Number of trials = 3
Shape of signal data of trial 0 is (18, 2)
Shape of signal data of trial 1 is (22, 2)
Shape of signal data of trial 2 is (19, 2)

If given, timestamp data of multiple trials are organized into a list, in which each element is the timestamp data of one trial and its format follows the format of single trial described in the previous section.

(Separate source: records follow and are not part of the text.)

(* Let $\mathbb{F}\in\{\mathbb{R},\mathbb{C}\}$, $A\in\mathbb{F}^{m\times n}$, $b\in\mathbb{F}^m$, $f:\mathbb{F}^n\to[0,\infty]$ and $K\ge1$. Let $x',x''$ be distinct stationary points of $\mathcal{K}_{reg}(x)=\mathcal{Q}_2(f)(x)+\|Ax-b\|_2^2$ such that $x''-x'\in P_K$, and set $z'=(I-A^*A)x'+A^*b$, $z''=(I-A^*A)x''+A^*b$. Then $$\mathrm{Re}\langle z''-z',x''-x'\rangle\le(1-\beta_K^2)\|x''-x'\|_2^2.$$
   Context: $\mathcal{Q}_2(f)$ is the quadratic envelope of $f$: $\mathcal{Q}_2(f)(x)=\breve h(x)-\|x\|^2$, where $\breve h$ is the lower semicontinuous convex envelope of $h(x)=f(x)+\|x\|^2$. $\mathrm{card}(x)$ is the number of nonzero entries, $P_K=\{x:\mathrm{card}(x)\le K\}$, $\beta_K=\inf\{\|Ax\|_2/\|x\|_2:x\ne0,\ x\in P_K\}$. $A^*$ is the conjugate transpose, $\langle x,y\rangle=\sum_i x_i\overline{y_i}$. A stationary point of a function $g$ is a point $x$ with $0$ in the Fréchet subdifferential $\hat\partial g(x)$, i.e. the set of $v$ with $\liminf_{y\to x,y\ne x}(g(y)-g(x)-\mathrm{Re}\langle v,y-x\rangle)/\|y-x\|\ge0$. *)

From HB Require Import structures.
From mathcomp Require Import all_boot all_order all_algebra.
From mathcomp Require Import all_classical all_reals.
From mathcomp Require Import ereal.
From mathcomp Require Import complex.
Set Implicit Arguments. Unset Strict Implicit. Unset Printing Implicit Defensive.
Import Order.TTheory GRing.Theory Num.Theory.
Local Open Scope ring_scope.
Local Open Scope classical_set_scope.

(* Generic setting: the scalar field F is either R or C = R[i]; it is given
   together with its real part  re : F -> R, its conjugation  cj : F -> F and
   the embedding  ofR : R -> F  of the reals. *)
Section Generic.
Variables (R : realType) (F : nzRingType) (re : F -> R) (cj : F -> F)
  (ofR : R -> F).

Definition redot n (x y : 'cV[F]_n) : R := re (\sum_i x i 0 * cj (y i 0)).
Definition nrm n (x : 'cV[F]_n) : R := Num.sqrt (redot x x).
Definition adj m n (A : 'M[F]_(m, n)) : 'M[F]_(n, m) := map_mx cj A^T.
Definition card n (x : 'cV[F]_n) : nat := #|[set i : 'I_n | x i 0 != 0]|.
Definition PK n (K : nat) : set 'cV[F]_n := [set x | (card x <= K)%N].
Definition betaK m n (A : 'M[F]_(m, n)) (K : nat) : R :=
  inf [set nrm (A *m x) / nrm x | x in [set x | x != 0 /\ PK K x]].

Definition convex_fun n (g : 'cV[F]_n -> \bar R) : Prop :=
  forall (x y : 'cV[F]_n) (t : R), 0 <= t <= 1 ->
    (g (ofR t *: x + ofR (1 - t) *: y)%R <= t%:E * g x + (1 - t)%:E * g y)%E.
Definition lsc_fun n (g : 'cV[F]_n -> \bar R) : Prop :=
  forall x (a : R), (a%:E < g x)%E ->
    exists2 d : R, 0 < d & forall y, nrm (y - x) < d -> (a%:E < g y)%E.
Definition lsc_conv_env n (h : 'cV[F]_n -> \bar R) (x : 'cV[F]_n) : \bar R :=
  ereal_sup [set g x | g in
    [set g : 'cV[F]_n -> \bar R | [/\ convex_fun g, lsc_fun g,
        (forall y, -oo < g y)%E & (forall y, g y <= h y)%E]]].
Definition Q2 n (f : 'cV[F]_n -> \bar R) (x : 'cV[F]_n) : \bar R :=
  (lsc_conv_env (fun y => f y + (nrm y ^+ 2)%:E) x - (nrm x ^+ 2)%:E)%E.
Definition Kreg m n (f : 'cV[F]_n -> \bar R) (A : 'M[F]_(m, n)) (b : 'cV[F]_m)
  (x : 'cV[F]_n) : \bar R := (Q2 f x + (nrm (A *m x - b) ^+ 2)%:E)%E.

(* Frechet subdifferential: v in  hat-partial g(x)  iff g(x) is finite and
   liminf_{y -> x, y <> x} (g y - g x - Re<v, y - x>) / ||y - x|| >= 0
   (the liminf condition written out in epsilon-delta form). *)
Definition frechet_subdiff n (g : 'cV[F]_n -> \bar R) (x v : 'cV[F]_n) : Prop :=
  g x \is a fin_num /\
  forall e : R, 0 < e -> exists2 d : R, 0 < d & forall y,
    0 < nrm (y - x) < d ->
    (g x + (redot v (y - x) - e * nrm (y - x))%:E <= g y)%E.
Definition stationary n (g : 'cV[F]_n -> \bar R) (x : 'cV[F]_n) : Prop :=
  frechet_subdiff g x 0.

Definition prop31_claim : Prop :=
  forall (m n : nat) (A : 'M[F]_(m, n)) (b : 'cV[F]_m)
         (f : 'cV[F]_n -> \bar R) (K : nat) (x' x'' : 'cV[F]_n),
    (forall x, (0 <= f x)%E) -> (1 <= K)%N ->
    x' != x'' ->
    stationary (Kreg f A b) x' -> stationary (Kreg f A b) x'' ->
    PK K (x'' - x') ->
    let z' := (1%:M - adj A *m A) *m x' + adj A *m b in
    let z'' := (1%:M - adj A *m A) *m x'' + adj A *m b in
    redot (z'' - z') (x'' - x') <= (1 - betaK A K ^+ 2) * nrm (x'' - x') ^+ 2.

End Generic.

Definition prop31_real (R : realType) : Prop :=
  @prop31_claim R R id id id.
Definition prop31_complex (R : realType) : Prop :=
  @prop31_claim R (complex.complex R) (@complex.Re R) (@complex.conjc R)
    (fun r => complex.real_complex_def (Phant R) r).

(* Since z'' - z' = (I - A^* A) d with d = x'' - x', one has
   Re <z'' - z', d> = ||d||^2 - ||A d||^2.  As d lies in P_K, the definition of
   beta_K gives ||A d|| >= beta_K ||d||, whence the bound. *)
From mathcomp Require Import all_boot all_order all_algebra.
From mathcomp Require Import all_classical all_reals.
From mathcomp Require Import complex lra.
Set Implicit Arguments. Unset Strict Implicit. Unset Printing Implicit Defensive.
Import Order.TTheory GRing.Theory Num.Theory.
Local Open Scope ring_scope.
Local Open Scope classical_set_scope.

Section ScalarField.
Variables (R : realType) (F : comNzRingType) (re : F -> R) (cj : F -> F)
  (ofR : R -> F).
Hypothesis reD : {morph re : x y / x + y}.
Hypothesis cjD : {morph cj : x y / x + y}.
Hypothesis cjM : {morph cj : x y / x * y}.
Hypothesis re_mul_cj_ge0 : forall x, 0 <= re (x * cj x).

Lemma re0 : re 0 = 0.
Proof. by apply: (addrI (re 0)); rewrite -reD !addr0. Qed.

Lemma cj0 : cj 0 = 0.
Proof. by apply: (addrI (cj 0)); rewrite -cjD !addr0. Qed.

Lemma reB x y : re (x - y) = re x - re y.
Proof. by apply: (addIr (re y)); rewrite -reD !subrK. Qed.

Lemma re_sum I (r : seq I) (P : pred I) (G : I -> F) :
  re (\sum_(i <- r | P i) G i) = \sum_(i <- r | P i) re (G i).
Proof. exact: (big_morph re reD re0). Qed.

Lemma cj_sum I (r : seq I) (P : pred I) (G : I -> F) :
  cj (\sum_(i <- r | P i) G i) = \sum_(i <- r | P i) cj (G i).
Proof. exact: (big_morph cj cjD cj0). Qed.

Local Notation redot := (redot re cj).
Local Notation nrm := (nrm re cj).

Lemma redotBl n (u v w : 'cV[F]_n) : redot (u - v) w = redot u w - redot v w.
Proof.
rewrite /redot -reB -sumrB; congr re; apply: eq_bigr => i _.
by rewrite !mxE mulrBl.
Qed.

Lemma redotxx_ge0 n (u : 'cV[F]_n) : 0 <= redot u u.
Proof. by rewrite /redot re_sum; apply: sumr_ge0. Qed.

Lemma redot_adjl m n (A : 'M[F]_(m, n)) (y : 'cV[F]_m) (x : 'cV[F]_n) :
  redot (adj cj A *m y) x = redot y (A *m x).
Proof.
rewrite /redot; congr re.
under eq_bigr => i _ do rewrite !mxE big_distrl /=.
rewrite exchange_big /=; apply: eq_bigr => j _.
rewrite !mxE cj_sum big_distrr /=; apply: eq_bigr => i _.
by rewrite !mxE cjM mulrA [cj _ * _]mulrC.
Qed.

Lemma nrm_ge0 n (u : 'cV[F]_n) : 0 <= nrm u.
Proof. exact: sqrtr_ge0. Qed.

Lemma sqr_nrm n (u : 'cV[F]_n) : nrm u ^+ 2 = redot u u.
Proof. by rewrite sqr_sqrtr // redotxx_ge0. Qed.

Lemma redot_id_sub_adj m n (A : 'M[F]_(m, n)) (x : 'cV[F]_n) :
  redot ((1%:M - adj cj A *m A) *m x) x = nrm x ^+ 2 - nrm (A *m x) ^+ 2.
Proof. by rewrite mulmxBl mul1mx -mulmxA redotBl redot_adjl !sqr_nrm. Qed.

Section Beta.
Variables (m n : nat) (A : 'M[F]_(m, n)) (K : nat).

Let ratios := [set nrm (A *m x) / nrm x | x in [set x | x != 0 /\ PK K x]].

Lemma ratios_ge0 : lbound ratios 0.
Proof. by move=> _ [x _ <-]; rewrite divr_ge0 // nrm_ge0. Qed.

Lemma betaK_ge0 (x : 'cV[F]_n) : x != 0 -> PK K x -> 0 <= betaK re cj A K.
Proof. by move=> x0 Kx; apply: lb_le_inf ratios_ge0; exists (nrm (A *m x) / nrm x), x. Qed.

Lemma betaK_mul_nrm_le (x : 'cV[F]_n) :
  x != 0 -> PK K x -> betaK re cj A K * nrm x <= nrm (A *m x).
Proof.
move=> x0 Kx; have [->|nx0] := eqVneq (nrm x) 0; first by rewrite mulr0 nrm_ge0.
have nx_gt0 : 0 < nrm x by rewrite lt_def nx0 nrm_ge0.
rewrite -ler_pdivlMr //; apply: ge_inf; first by exists 0; exact: ratios_ge0.
by exists x.
Qed.

End Beta.

Lemma prop31_claim_generic : prop31_claim re cj ofR.
Proof.
move=> m n A b f K x' x'' _ _ x'_neq_x'' _ _ Kd /=.
set d := x'' - x'.
have d0 : d != 0 by rewrite subr_eq0 eq_sym.
rewrite opprD addrACA subrr addr0 -mulmxBr redot_id_sub_adj.
have B0 := betaK_ge0 A d0 Kd.
have Bd := betaK_mul_nrm_le A d0 Kd.
have : (betaK re cj A K * nrm d) ^+ 2 <= nrm (A *m d) ^+ 2.
  by rewrite ler_sqr ?nnegrE ?mulr_ge0 ?nrm_ge0.
lra.
Qed.

End ScalarField.

Theorem proposition3p1 (R : realType) : prop31_real R /\ prop31_complex R.
Proof.
split.
- by apply: prop31_claim_generic => // x; exact: sqr_ge0.
- apply: prop31_claim_generic.
  + by move=> [a b] [c d].
  + exact: rmorphD.
  + exact: rmorphM.
  + by move=> [a b] /=; rewrite mulrN opprK addr_ge0 ?sqr_ge0.
Qed.
Lemma nil_overflow_marked (S : eqType) (Z : seq S -> Prop) (g h : 'I_3 -> seq S)
    a a' b b' ta ta' tb tb' :
  injective g -> (forall i, g i <> [::]) -> (forall i, h i <> [::]) ->
  ~ (codom g =i codom h) ->
  k_maximal 3 (gen (codom g)) -> k_maximal 3 (gen (codom h)) ->
  (forall z, Z z -> z \in codom g \/ z \in codom h) ->
  marked Z g -> (forall i, free_hull Z (h i)) -> a != a' ->
  morph g (a :: ta) = morph h (b :: tb) -> morph g (a' :: ta') = morph h (b' :: tb') ->
  marked Z h.
Proof.
move=> g_inj g_ne h_ne gh_neq g_max h_max Z_sub g_marked h_hull aa' Eb Eb'.
have /fin_all_exists [bg bg_first] i : exists b, is_first Z (g i) b.
  exact: first_exists (g_marked.1 i) (g_ne i).
have /fin_all_exists [bh bh_first] i : exists b, is_first Z (h i) b.
  exact: first_exists (h_hull i) (h_ne i).
have ebh := first_of_equal_images g_marked.1 h_hull (bg_first a) (bh_first b) Eb.
have ebh' := first_of_equal_images g_marked.1 h_hull (bg_first a') (bh_first b') Eb'.
apply: NNPP => h_unmarked; apply: gh_neq.
apply: (FB_firsts_codom_eq g_marked h_hull bg_first) => //.
move=> y; exact: (unmarked_FB_firsts Z_sub g_marked h_hull bg_first bh_first
  h_unmarked aa' (esym ebh) (esym ebh')).
Qed.

Unset Implicit Arguments. Set Strict Implicit. Set Printing Implicit Defensive.

Theorem proposition4p5 (S : countType) (g h : 'I_3 -> seq S) :
  injective g -> injective h ->
  (forall i, g i <> [::]) -> (forall i, h i <> [::]) ->
  ~ (codom g =i codom h) ->
  k_maximal 3 (gen (codom g)) ->
  k_maximal 3 (gen (codom h)) ->
  let Z := fun w : seq S => w \in codom g \/ w \in codom h in
  marked Z g ->
  forall r s r' s' : seq 'I_3,
    minimal_solution g h r s -> minimal_solution g h r' s' ->
    (r, s) <> (r', s') ->
    let u := lcp r r' in
    let v := lcp s s' in
    exists o : seq S,
      morph g u = morph h v ++ o /\
      critical_overflow g h o u v /\
      (marked Z h <-> o = [::]).
Proof.
move=> g_inj _ g_ne h_ne gh_neq g_max h_max Z g_marked r s r' s' min min' neq u v.
rewrite {}/u {}/v.
have h_hull i : free_hull Z (h i) by apply: hull_Z; right; exact: codom_f.
have [o Eo] := overflow_exists g_ne g_marked h_hull min min' neq.
exists o; split=> //; split.
  exact (overflow_critical g_ne h_ne g_marked min min' neq Eo).
split=> [h_marked|o_nil].
  exact (marked_overflow_nil g_ne h_ne g_marked min min' neq h_marked Eo).
rewrite o_nil cats0 in Eo.
have [a [a' [b [b' [ta [ta' [tb [tb' [aa' Eb Eb']]]]]]]]] :=
  nil_overflow_heads g_ne h_ne g_marked min min' neq Eo.
by apply: (nil_overflow_marked g_inj g_ne h_ne gh_neq g_max h_max _ g_marked h_hull aa'
  Eb Eb').
Qed.
(* Let $n=1$ and let $f$ be a Lagrange function of finite order whose Euler–Lagrange expressions $e^1[f],\dots,e^m[f]$ all have order at most $S$ (i.e. depend only on $x$ and $w^j_r$ with $r\le S$). If $S=2K$ is even, then there is a Lagrange function $g$ of order at most $K$ with $e^j[g]=e^j[f]$ for all $j$. If $S=2K+1$ is odd, then there are functions $g_0,g_1,\dots,g_m$ of order at most $K$ such that $e^j[f]=e^j\big[g_0+\sum_{k=1}^m g_k\,w^k_{K+1}\big]$ for all $j$.
   Context: One independent variable $x$, dependent variables $w^1,\dots,w^m$; jet coordinates $w^j_r$ ($r\ge 0$, $w^j_0=w^j$) standing for $d^rw^j/dx^r$. A function ''of order at most $K$'' is a $C^\infty$ function of $x$ and $w^j_r$ with $r\le K$; all functions are defined on the whole corresponding Euclidean space. $\frac{d}{dx}=\partial_x+\sum_{j,r}w^j_{r+1}\partial_{w^j_r}$ and $e^j[f]=\sum_r(-1)^r\frac{d^r}{dx^r}\frac{\partial f}{\partial w^j_r}$. *)

From Stdlib Require Import Reals Lra List ClassicalEpsilon.
Open Scope R_scope.

(** Points of jet space: x and the jet coordinates w^j_r (pw j r).
    Only indices j < m are meaningful; functions of order <= K ignore the rest. *)
Record Pt := mkPt { px : R ; pw : nat -> nat -> R }.

Inductive Coord := CX | CW (j r : nat).

Definition shift (p : Pt) (c : Coord) (t : R) : Pt :=
  match c with
  | CX => mkPt (px p + t) (pw p)
  | CW j r => mkPt (px p)
      (fun j' r' => if andb (Nat.eqb j' j) (Nat.eqb r' r)
                    then pw p j' r' + t else pw p j' r')
  end.

(** Partial derivative with respect to a coordinate (chosen classically;
    it is the unique derivative whenever it exists). *)
Definition pd (F : Pt -> R) (c : Coord) : Pt -> R := fun p =>
  epsilon (inhabits 0%R)
    (fun l => derivable_pt_lim (fun t => F (shift p c t)) 0 l).

Definition ipd (F : Pt -> R) (cs : list Coord) : Pt -> R :=
  fold_right (fun c G => pd G c) F cs.

Definition local (m K : nat) (F : Pt -> R) : Prop :=
  forall p q, px p = px q ->
    (forall j r, (j < m)%nat -> (r <= K)%nat -> pw p j r = pw q j r) ->
    F p = F q.

Definition contK (m K : nat) (G : Pt -> R) : Prop :=
  forall p eps, 0 < eps -> exists delta, 0 < delta /\
    forall q, Rabs (px q - px p) < delta ->
      (forall j r, (j < m)%nat -> (r <= K)%nat -> Rabs (pw q j r - pw p j r) < delta) ->
      Rabs (G q - G p) < eps.

Definition smoothK (m K : nat) (F : Pt -> R) : Prop :=
  forall cs : list Coord,
    (forall c p, exists l, derivable_pt_lim (fun t => ipd F cs (shift p c t)) 0 l)
    /\ contK m K (ipd F cs).

Definition OrderLE (m K : nat) (F : Pt -> R) : Prop := local m K F /\ smoothK m K F.
(** As a function of theta_j alone, the diagonal entry is c + (a + theta_j)^2 with c >= 0. *)
Lemma dsum_set : forall j nu th n t, (j < length nu)%nat -> length nu = length th -> length th = length n ->
  dsum nu (set_nthR th j t) n =
    (dsum nu th n - (nth j nu 0 * IZR (nth j n 0%Z) + nth j th 0) ^ 2)
    + (nth j nu 0 * IZR (nth j n 0%Z) + t) ^ 2 /\
  0 <= dsum nu th n - (nth j nu 0 * IZR (nth j n 0%Z) + nth j th 0) ^ 2.
Proof.
  induction j; intros nu th n t Hj H1 H2;
    destruct nu as [|x nu]; destruct th as [|y th]; destruct n as [|z n]; simpl in *; try lia.
  - split. ring. pose proof (dsum_nonneg nu th n). lra.
  - destruct (IHj nu th n t) as [A B]; try lia. rewrite A. split. ring.
    pose proof (pow2_ge_0 (x * IZR z + y)). lra.
Qed.

Lemma quad_interval : forall c a m dl t, 0 <= c -> 0 < dl ->
  Rabs (c + (a + t) ^ 2 - m) < dl ->
  let s := sqrt (Rmax 0 (m - c)) in
  (- a + s - sqrt dl < t < - a + s + sqrt dl) \/ (- a - s - sqrt dl < t < - a - s + sqrt dl).
Proof.
  intros c a m dl t Hc Hdl H s.
  set (x := Rabs (a + t)).
  assert (Hx : 0 <= x) by apply Rabs_pos.
  assert (Hx2 : x * x = (a + t) ^ 2).
  { unfold x; rewrite <- Rabs_mult, Rabs_right; [ring|]. apply Rle_ge; sqr_nonneg (a+t); lra. }
  assert (Hs : 0 <= s) by apply sqrt_pos.
  assert (Hxs : Rabs (x - s) < sqrt dl).
  { rewrite <- sqrt_Rsqr_abs. apply sqrt_lt_1_alt. split. apply Rle_0_sqr. unfold Rsqr.
    unfold Rmax in s. destruct (Rle_dec 0 (m - c)).
    - assert (s * s = m - c) by (unfold s; apply sqrt_sqrt; auto).
      apply Rabs_def2 in H. destruct H.
      destruct (Rle_dec x s).
      + assert ((x - s) * (x - s) <= (s - x) * (s + x)) by nra. nra.
      + assert ((x - s) * (x - s) <= (x - s) * (x + s)) by nra. nra.
    - assert (s = 0) by (unfold s; apply sqrt_0). rewrite H0.
      apply Rabs_def2 in H. destruct H. nra. }
  apply Rabs_def2 in Hxs. destruct Hxs.
  unfold x in *. destruct (Rle_dec 0 (a + t)).
  - rewrite Rabs_right in * by lra. left; lra.
  - rewrite Rabs_left in * by lra. right; lra.
Qed.

Lemma cover_intervals : forall (S : R -> Prop) (I : list (R * R)) c,
  (forall x, In x I -> fst x <= snd x) ->
  (forall t, S t -> exists x, In x I /\ fst x < t < snd x) ->
  fold_right (fun x acc => (snd x - fst x) + acc) 0 I <= c ->
  outer_mes_le S c.
Proof.
  intros S I c HI HS Hc eta He.
  assert (Hpartial : forall (I : list (R * R)) K, (forall x, In x I -> fst x <= snd x) ->
    sum_f_R0 (fun k => snd (nth k I (0, 0)) - fst (nth k I (0, 0))) K
      <= fold_right (fun x acc => (snd x - fst x) + acc) 0 I).
  { clear. induction I as [|x I IH]; intros K HI.
    - simpl. induction K; simpl; lra.
    - assert (H0 : 0 <= fold_right (fun x acc => (snd x - fst x) + acc) 0 I).
      { clear IH. induction I; simpl. lra.
        pose proof (HI a (or_intror (or_introl eq_refl))).
        assert (0 <= fold_right (fun x acc => (snd x - fst x) + acc) 0 I); [|lra].
        apply IHI. intros y [<-|Hy]. apply HI; left; auto. apply HI; right; right; auto. }
      destruct K.
      + simpl. rewrite <- (Rplus_0_r (snd x - fst x)) at 1. apply Rplus_le_compat_l. exact H0.
      + rewrite decomp_sum by lia. simpl. simpl pred.
        pose proof (IH K (fun y h => HI y (or_intror h))). lra. }
  exists (fun k => fst (nth k I (0,0))), (fun k => snd (nth k I (0,0))).
  split; [|split].
  - intros k. destruct (Nat.lt_ge_cases k (length I)).
    + apply HI, nth_In; auto.
    + rewrite nth_overflow; simpl; auto; lra.
  - intros t Ht. destruct (HS t Ht) as [x [Hx Hxt]]. destruct (In_nth I x (0,0) Hx) as [k [_ Hk]].
    exists k. rewrite Hk. auto.
  - intros K. pose proof (Hpartial I K HI). lra.
Qed.

Definition resonant_set (d M : nat) (nu : list R) (m dl : R) (th : list R) : Prop :=
  exists n, In n (boxZ d M) /\ Rabs (dsum nu th n - m) < dl.

Lemma resonant_section_measure : forall d M nu m dl j th c,
  0 < dl -> (j < d)%nat -> length nu = d -> length th = d ->
  INR (length (boxZ d M)) * (4 * sqrt dl) <= c ->
  outer_mes_le (section (resonant_set d M nu m dl) th j) c.
Proof.
  intros d M nu m dl j th c Hdl Hj Hnu Hth Hc.
  set (a_ := fun n : Zd => nth j nu 0 * IZR (nth j n 0%Z)).
  set (c_ := fun n : Zd => dsum nu th n - (a_ n + nth j th 0) ^ 2).
  set (s_ := fun n : Zd => sqrt (Rmax 0 (m - c_ n))).
  set (sd := sqrt dl).
  assert (Hsd : 0 <= sd) by apply sqrt_pos.
  apply cover_intervals with (I := flat_map (fun n => [(- a_ n + s_ n - sd, - a_ n + s_ n + sd);
                                                    (- a_ n - s_ n - sd, - a_ n - s_ n + sd)]) (boxZ d M)).
  - intros x Hx. apply in_flat_map in Hx. destruct Hx as [n [_ Hx]].
    destruct Hx as [<-|[<-|[]]]; simpl; lra.
  - intros t [n [Hn Hlt]]. pose proof (boxZ_len _ _ _ Hn) as Hln.
    destruct (dsum_set j nu th n t) as [E1 E2]; try lia.
    rewrite E1 in Hlt. fold (a_ n) in Hlt, E2. fold (c_ n) in Hlt, E2.
    destruct (quad_interval (c_ n) (a_ n) m dl t E2 Hdl Hlt) as [H|H];
      (eexists; split; [apply in_flat_map; exists n; split; [exact Hn|]|]).
    + left; reflexivity.
    + exact H.
    + right; left; reflexivity.
    + exact H.
  - replace (fold_right _ 0 _) with (INR (length (boxZ d M)) * (4 * sd)); [exact Hc|].
    clear Hc. induction (boxZ d M) as [|n l IH]; simpl; [ring|].
    rewrite <- IH. destruct (length l); simpl; ring.
Qed.

(** ** 6. Invertibility of diagonally dominant matrices *)

Definition sumN (P : nat) (f : nat -> Cx) : Cx := fold_right (fun i acc => Cadd (f i) acc) C0 (seq 0 P).

Lemma sumN_ext : forall P f g, (forall k, (k < P)%nat -> f k = g k) -> sumN P f = sumN P g.
Proof.
  intros P f g H. unfold sumN.
  assert (Hseq : forall k, In k (seq 0 P) -> f k = g k) by (intros k Hk; apply in_seq in Hk; apply H; lia).
  clear H. induction (seq 0 P); simpl; auto.
  rewrite Hseq by (left; auto). rewrite IHl; auto. intros; apply Hseq; right; auto.
Qed.

(** The linear algebra fact we need, that a square matrix with trivial left kernel
    has a two-sided inverse, is taken from MathComp's matrix library over the
    complex numbers [R[i]]; this module transports it to [Cx]-valued matrices
    indexed by [nat]. *)
Module MatrixBridge.
Import ssreflect ssrfun ssrbool eqtype ssrnat seq fintype bigop ssralg matrix mxalgebra Rstruct complex.
Import GRing.Theory.
Local Open Scope ring_scope.

Definition phi (z : Cx) : R[i] := Complex (re z) (im z).
Definition psi (z : R[i]) : Cx := mkC (Re z) (Im z).

Lemma psi_phi z : psi (phi z) = z. Proof. by case: z. Qed.
Lemma phi_psi z : phi (psi z) = z. Proof. by case: z. Qed.
Lemma phi_inj z w : phi z = phi w -> z = w.
Proof. by move=> H; rewrite -(psi_phi z) H psi_phi. Qed.

Lemma phi_add z w : phi (Cadd z w) = phi z + phi w. Proof. by case: z; case: w. Qed.
Lemma phi_mul z w : phi (Cmul z w) = phi z * phi w. Proof. by case: z => a b; case: w => c e. Qed.
Lemma phi_0 : phi C0 = 0. Proof. by []. Qed.
Lemma phi_1 : phi Defs.C1 = 1. Proof. by []. Qed.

Here is a sample data of 3 trials, and the timestamp data in each trial has 18, 22, 19 samples respectively.

[10]:

all_timestamp = [np.array([0.000, 0.001, 0.002, 0.003, 0.004, 0.005, 0.006, 0.007, 0.008, 0.009,
                           0.010, 0.011, 0.012, 0.013, 0.014, 0.015, 0.016, 0.017]),
                 np.array([0.000, 0.001, 0.002, 0.003, 0.004, 0.005, 0.006, 0.007, 0.008, 0.009,
                           0.010, 0.011, 0.012, 0.013, 0.014, 0.015, 0.016, 0.017, 0.018, 0.019,
                           0.020, 0.021]),
                 np.array([0.000, 0.001, 0.002, 0.003, 0.004, 0.005, 0.006, 0.007, 0.008, 0.009,
                           0.010, 0.011, 0.012, 0.013, 0.014, 0.015, 0.016, 0.017, 0.018])]
print(f'Number of trials = {len(all_timestamp)}')
for k in range(len(all_timestamp)):
  print(f'Shape of timestamp data of trial {k} is {all_timestamp[k].shape}')

Number of trials = 3
Shape of timestamp data of trial 0 is (18,)
Shape of timestamp data of trial 1 is (22,)
Shape of timestamp data of trial 2 is (19,)

Coverting raw data from files into numpy array

Raw data in structured format

If the raw data files are structured text file, for example, in csv format, then the users can use the function numpy.genfromtxt to load the files into numpy arrays.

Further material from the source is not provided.